YOUR TASK:
Take every line from the material that has the word "also" in it.

+-------+

(* Let $\mathcal{H}=(V,E)$ be a hypergraph and $S\subseteq V$. If $\mathsf{red}(\mathcal{H}[S])$ admits a lower bound of $\Omega(n/p^{\epsilon})$, then $\mathcal{H}$ also admits the same lower bound $\Omega(n/p^{\epsilon})$.
   Context: Natural join queries are sets of relations (no repeated relation, distinct schemas); a query's hypergraph has the query's variables as vertices and the relation schemas as edges. $\mathcal{H}[S]$ is the hypergraph with vertex set $S$ and edges $\{S\cap e: e\in E, S\cap e\ne\emptyset\}$; $\mathsf{red}$ removes every edge $e$ contained in another edge $e'\ne e$. MPC model: $p$ machines, synchronous rounds of communication then local computation; the load is the maximum data received by any machine in any round. A tuple-based MPC algorithm transmits only (copies of) input tuples in their entirety, and a machine may output a tuple $t$ only if it has received $\pi_{\mathrm{vars}(R)}t$ for every relation $R$ of the query. A hypergraph $\mathcal{G}$ admits a lower bound of $\Omega(n/p^{\epsilon})$ if there exist join queries with hypergraph $\mathcal{G}$ and input size at most $n$ such that every tuple-based MPC algorithm (with a constant number of rounds) computing them on $p$ machines needs load $\Omega(n/p^{\epsilon})$. *)

From HB Require Import structures.
From mathcomp Require Import all_boot.
From mathcomp Require Import finmap.
From Stdlib Require Import Reals.

Set Implicit Arguments.
Unset Strict Implicit.
Unset Printing Implicit Defensive.

Local Open Scope fset_scope.

Record hypergraph (V : finType) := Hypergraph {
  hvert : {set V};
  hedges : {set {set V}} }.

Definition induced (V : finType) (G : hypergraph V) (S : {set V}) : hypergraph V :=
  Hypergraph S [set S :&: e | e in hedges G & S :&: e != set0].

Definition red (V : finType) (G : hypergraph V) : hypergraph V :=
  Hypergraph (hvert G)
    [set e in hedges G | [forall e' in hedges G, (e' != e) ==> ~~ (e \subset e')]].

(* Tuples: assignments of (natural-number) values to variables; a tuple over
   the schema e is represented by its values on e, with value 0 elsewhere. *)
Definition tup (V : finType) := {ffun V -> nat}.

Definition proj (V : finType) (e : {set V}) (t : tup V) : tup V :=
  [ffun v => if v \in e then t v else 0%N].

(* A join query with hypergraph G: one relation (finite set of tuples over
   schema e) for every edge e of G. *)
Definition instance (V : finType) := {set V} -> {fset tup V}.

Definition wf_instance (V : finType) (G : hypergraph V) (I : instance V) : Prop :=
  forall e, e \in hedges G -> forall t, t \in I e -> proj e t = t.

Definition input_size (V : finType) (G : hypergraph V) (I : instance V) : nat :=
  (\sum_(e in hedges G) #|` I e|)%N.

Definition join_result (V : finType) (G : hypergraph V) (I : instance V) (t : tup V) : Prop :=
  forall e, e \in hedges G -> proj e t \in I e.

(* Communication trace of a tuple-based MPC run with r rounds and p machines:
   tr k i = the set of (relation, tuple) messages received by machine i in round k. *)
Definition trace (V : finType) (r p : nat) := 'I_r -> 'I_p -> {fset ({set V} * tup V)}.

Definition tuple_based (V : finType) (G : hypergraph V) (I : instance V) r p
  (tr : trace V r p) : Prop :=
  forall k i x, x \in tr k i -> x.1 \in hedges G /\ x.2 \in I x.1.

(* Every join result is output by some machine, which may output t only if it
   has received pi_e t for every relation e. *)
Definition computes (V : finType) (G : hypergraph V) (I : instance V) r p
  (tr : trace V r p) : Prop :=
  forall t, join_result G I t ->
    exists i : 'I_p, forall e, e \in hedges G -> exists k : 'I_r, (e, proj e t) \in tr k i.

Definition load (V : finType) r p (tr : trace V r p) : nat :=
  (\max_(k < r) \max_(i < p) #|` tr k i|)%N.

(* G admits a lower bound Omega(n / p^eps) for tuple-based MPC algorithms with
   a constant number r of rounds. *)
Definition admits_lb (V : finType) (G : hypergraph V) (eps : R) : Prop :=
  forall r : nat, exists c : R, (0 < c)%R /\
    exists N : nat -> nat, forall p n : nat, (1 <= p)%N -> (N p <= n)%N ->
      exists I : instance V, wf_instance G I /\ (input_size G I <= n)%N /\
        forall tr : trace V r p, tuple_based G I tr -> computes G I tr ->
          (c * INR n / Rpower (INR p) eps <= INR (load tr))%R.

(* Hard instances for red(H[S]) are lifted to H: the relation of an edge e is
   the projection onto e of the relation of an edge e' of red(H[S]) containing
   S :&: e, so the input grows by a factor of at most |E|.  Conversely, a
   tuple-based run on the lifted instance becomes a run on the original one
   with no larger load: keep only the messages of relations e whose trace
   S :&: e is an edge of red(H[S]) (as the edges of red(H[S]) form an
   antichain, these carry tuples of that very relation) and relabel them
   S :&: e.  Every join result t of the
   original instance is still output, because proj S t is a join result of the
   lifted one.  The lower bound thus transfers with its constant divided by
   2(|E| + 1). *)

From mathcomp Require Import all_boot finmap zify.
From Stdlib Require Import Reals Lra.

Set Implicit Arguments.
Unset Strict Implicit.
Unset Printing Implicit Defensive.

Local Open Scope fset_scope.

Lemma proj_proj (V : finType) (A B : {set V}) (t : tup V) :
  proj A (proj B t) = proj (A :&: B) t.
Proof. by apply/ffunP => v; rewrite !ffunE inE; case: (v \in A); case: (v \in B). Qed.

Section Reduction.

Variables (V : finType) (G : hypergraph V).

Lemma red_edge (e : {set V}) : e \in hedges (red G) -> e \in hedges G.
Proof. by rewrite inE => /andP[]. Qed.

Lemma red_edges_antichain (e1 e2 : {set V}) :
  e1 \in hedges (red G) -> e2 \in hedges (red G) -> e1 \subset e2 -> e1 = e2.
Proof.
rewrite inE => /andP[_ /forall_inP max_e1] /red_edge e2G sub12.
by apply/eqP; move: (max_e1 _ e2G); rewrite sub12 implybF negbK eq_sym.
Qed.

Lemma red_edges_cover (e : {set V}) :
  e \in hedges G -> exists2 e', e' \in hedges (red G) & e \subset e'.
Proof.
pose above B := (B \in hedges G) && (e \subset B).
move=> eG; have above_e : above e by rewrite /above eG subxx.
case: (arg_maxnP (fun B : {set V} => #|B|) above_e) => B /andP[BG eB] B_max.
exists B => //; rewrite inE BG; apply/forall_inP => e2 e2G; apply/implyP => e2B.
apply/negP => Be2; have /B_max : above e2.
  by rewrite /above e2G (subset_trans eB Be2).
by apply/negP; rewrite -ltnNge proper_card // properEneq eq_sym e2B Be2.
Qed.

End Reduction.

Section Induced.

Variables (V : finType) (G : hypergraph V) (S : {set V}).

Lemma induced_edgeP (e' : {set V}) :
  e' \in hedges (induced G S) -> exists2 e, e \in hedges G & e' = S :&: e.
Proof. by case/imsetP => e; rewrite inE => /andP[eG _] ->; exists e. Qed.

Lemma mem_induced_edge (e : {set V}) :
  e \in hedges G -> S :&: e != set0 -> S :&: e \in hedges (induced G S).
Proof. by move=> eG Se; apply/imsetP; exists e; rewrite // inE eG. Qed.

End Induced.

Lemma leq_2mul_divn (m n : nat) : (0 < m <= n)%N -> (n <= 2 * m * (n %/ m))%N.
Proof.
case/andP=> m_gt0 le_mn; rewrite {1}(divn_eq n m).
have : (m <= n %/ m * m)%N by rewrite -[m in (m <= _)%N]mul1n leq_mul2r divn_gt0 // le_mn orbT.
have := ltn_pmod n m_gt0; lia.
Qed.

Lemma Rdiv_scale_le (c P : R) (k n n' : nat) :
  (0 < c)%R -> (0 < P)%R -> (0 < k)%N -> (n <= k * n')%N ->
  (c / INR k * INR n / P <= c * INR n' / P)%R.
Proof.
move=> c_gt0 P_gt0 /ltP/lt_0_INR k_gt0 /leP/le_INR; rewrite mult_INR => le_nkn.
have -> : (c / INR k * INR n / P = c / (INR k * P) * INR n)%R by field; lra.
have -> : (c * INR n' / P = c / (INR k * P) * (INR k * INR n'))%R by field; lra.
apply: Rmult_le_compat_l le_nkn; apply/Rlt_le/Rdiv_lt_0_compat => //.
exact: Rmult_lt_0_compat.
Qed.

Section Simulation.

Variables (V : finType) (G G' : hypergraph V) (m : nat).
Variable lift : instance V -> instance V.
Variable restrict : forall r p, trace V r p -> trace V r p.

Hypothesis lift_wf :
  forall I', wf_instance G' I' -> wf_instance G (lift I').
Hypothesis input_size_lift :
  forall I', (input_size G (lift I') <= m * input_size G' I')%N.
Hypothesis tuple_based_restrict :
  forall I' r p (tr : trace V r p), wf_instance G' I' ->
    tuple_based G (lift I') tr -> tuple_based G' I' (restrict tr).
Hypothesis computes_restrict :
  forall I' r p (tr : trace V r p), (0 < p)%N ->
    computes G (lift I') tr -> computes G' I' (restrict tr).
Hypothesis load_restrict :
  forall r p (tr : trace V r p), (load (restrict tr) <= load tr)%N.

Lemma admits_lb_simulation (eps : R) : admits_lb G' eps -> admits_lb G eps.
Proof.
move=> lbG' r; have [c [c_gt0 [N lb]]] := lbG' r.
(* dividing by [m.+1] rather than [m] also covers [m = 0] *)
exists (c / INR (2 * m.+1))%R; split.
  by apply: Rdiv_lt_0_compat => //; apply/lt_0_INR/ltP.
exists (fun p => m.+1 * (N p).+1)%N => p n p_gt0 Nn.
pose n' := (n %/ m.+1)%N.
have Nn' : (N p < n')%N by rewrite leq_divRL // mulnC.
have [I' [I'wf [I'size lbI']]] := lb p n' p_gt0 (ltnW Nn').
exists (lift I'); split; [exact: lift_wf | split].
  apply: leq_trans (input_size_lift I') (leq_trans (leq_mul (leqnSn m) I'size) _).
  by rewrite mulnC leq_divM.
move=> tr trG compG.
have := lbI' _ (tuple_based_restrict I'wf trG) (computes_restrict p_gt0 compG).
move/Rle_trans/(_ (le_INR _ _ (elimT leP (load_restrict tr)))).
apply: Rle_trans; apply: Rdiv_scale_le => //; first exact: exp_pos.
by rewrite leq_2mul_divn // (leq_trans _ Nn) // leq_pmulr.
Qed.

End Simulation.

Section InducedReducedQuery.

Variables (V : finType) (E : {set {set V}}) (S : {set V}).

Let G := Hypergraph [set: V] E.
Let G' := red (induced G S).

Definition lift_instance (I' : instance V) : instance V := fun e =>
  if [pick e' in hedges G' | S :&: e \subset e'] is Some e' then proj e @` I' e'
  else fset0.

Definition restrict_trace r p (tr : trace V r p) : trace V r p := fun k i =>
  [fset (S :&: x.1, x.2) | x in [fset x in tr k i | S :&: x.1 \in hedges G']].

Lemma induced_red_cover (e : {set V}) :
  hedges G' != set0 -> e \in E -> exists2 e', e' \in hedges G' & S :&: e \subset e'.
Proof.
case/set0Pn => e0 e0G' eE; have [-> | Se] := eqVneq (S :&: e) set0.
  by exists e0; rewrite ?sub0set.
exact/red_edges_cover/mem_induced_edge.
Qed.

Lemma lift_instance_wf (I' : instance V) : wf_instance G (lift_instance I').
Proof.
move=> e _ t; rewrite /lift_instance; case: pickP => [e' _ | _]; last by rewrite in_fset0.
by case/imfsetP => u /= _ ->; rewrite proj_proj setIid.
Qed.

Lemma input_size_lift_instance (I' : instance V) :
  (input_size G (lift_instance I') <= #|E| * input_size G' I')%N.
Proof.
rewrite /input_size /= -sum_nat_const; apply: leq_sum => e _.
rewrite /lift_instance; case: pickP => [e' /andP[e'G' _] | _]; last by rewrite cardfs0.
apply: leq_trans (leq_imfset_card _ _ _) _.
by rewrite (bigD1 e') //= leq_addr.
Qed.

Lemma mem_lift_instance (I' : instance V) (e : {set V}) (t : tup V) :
  wf_instance G' I' -> S :&: e \in hedges G' ->
  t \in lift_instance I' e -> t \in I' (S :&: e).
Proof.
move=> I'wf SeG'; rewrite /lift_instance; case: pickP; last by rewrite in_fset0.
move=> e' /andP[e'G' /(red_edges_antichain SeG' e'G') <-].
case/imfsetP => u /= uI' ->; have uSe := I'wf _ SeG' _ uI'.
by rewrite -uSe proj_proj setIA [e :&: S]setIC -setIA setIid uSe.
Qed.

Lemma join_result_lift (I' : instance V) (t : tup V) :
  hedges G' != set0 -> join_result G' I' t ->
  join_result G (lift_instance I') (proj S t).
Proof.
move=> G'_ne0 joint e eE; rewrite /lift_instance; case: pickP => [e' | no_e'].
  case/andP=> e'G' Se_e'; apply/imfsetP; exists (proj e' t); first exact: joint.
  have [e2 _ e'E] := induced_edgeP (red_edge e'G').
  rewrite !proj_proj; congr proj; apply/setP => v; move: (subsetP Se_e' v).
  by rewrite e'E !inE; case: (v \in S); case: (v \in e) => //= ->.
have [e' e'G' Se_e'] := induced_red_cover G'_ne0 eE.
by move: (no_e' e'); rewrite e'G' Se_e'.
Qed.

Lemma tuple_based_restrict_trace I' r p (tr : trace V r p) :
  wf_instance G' I' -> tuple_based G (lift_instance I') tr ->
  tuple_based G' I' (restrict_trace tr).
Proof.
move=> I'wf trG k i x /imfsetP[y /=]; rewrite inE => /andP[y_tr SyG'] -> /=.
by split=> //; apply: mem_lift_instance I'wf SyG' (trG k i y y_tr).2.
Qed.

Lemma computes_restrict_trace I' r p (tr : trace V r p) :
  (0 < p)%N -> computes G (lift_instance I') tr -> computes G' I' (restrict_trace tr).
Proof.
move=> p_gt0 compG t joint; have [G'0 | G'_ne0] := eqVneq (hedges G') set0.
  by exists (Ordinal p_gt0) => e; rewrite G'0 inE.
have [i out_i] := compG _ (join_result_lift G'_ne0 joint).
exists i => e' e'G'; have [e eE e'E] := induced_edgeP (red_edge e'G').
have [k ek] := out_i e eE; exists k; apply/imfsetP.
exists (e, proj e (proj S t)); first by rewrite inE; apply/andP; rewrite /= -e'E.
by rewrite /= proj_proj e'E setIC.
Qed.

Lemma load_restrict_trace r p (tr : trace V r p) :
  (load (restrict_trace tr) <= load tr)%N.
Proof.
apply/bigmax_leqP => k _; apply/bigmax_leqP => i _.
apply: leq_trans _ (leq_bigmax k); apply: leq_trans _ (leq_bigmax i).
apply: leq_trans (leq_imfset_card _ _ _) _.
exact: fsubset_leq_card (fset_sub (tr k i) _).
Qed.

End InducedReducedQuery.

Theorem lemma5p3 (V : finType) (E : {set {set V}}) (S : {set V}) (eps : R) :
  admits_lb (red (induced (Hypergraph [set: V] E) S)) eps ->
  admits_lb (Hypergraph [set: V] E) eps.
Proof.
apply: (admits_lb_simulation (m := #|E|) (lift := lift_instance E S)
          (restrict := restrict_trace E S)).
- by move=> I' _; apply: lift_instance_wf.
- exact: input_size_lift_instance.
- exact: tuple_based_restrict_trace.
- exact: computes_restrict_trace.
- exact: load_restrict_trace.
Qed.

+-------+

REPLY TO THE TASK:
(* Let $\mathcal{H}=(V,E)$ be a hypergraph and $S\subseteq V$. If $\mathsf{red}(\mathcal{H}[S])$ admits a lower bound of $\Omega(n/p^{\epsilon})$, then $\mathcal{H}$ also admits the same lower bound $\Omega(n/p^{\epsilon})$.
(* dividing by [m.+1] rather than [m] also covers [m = 0] *)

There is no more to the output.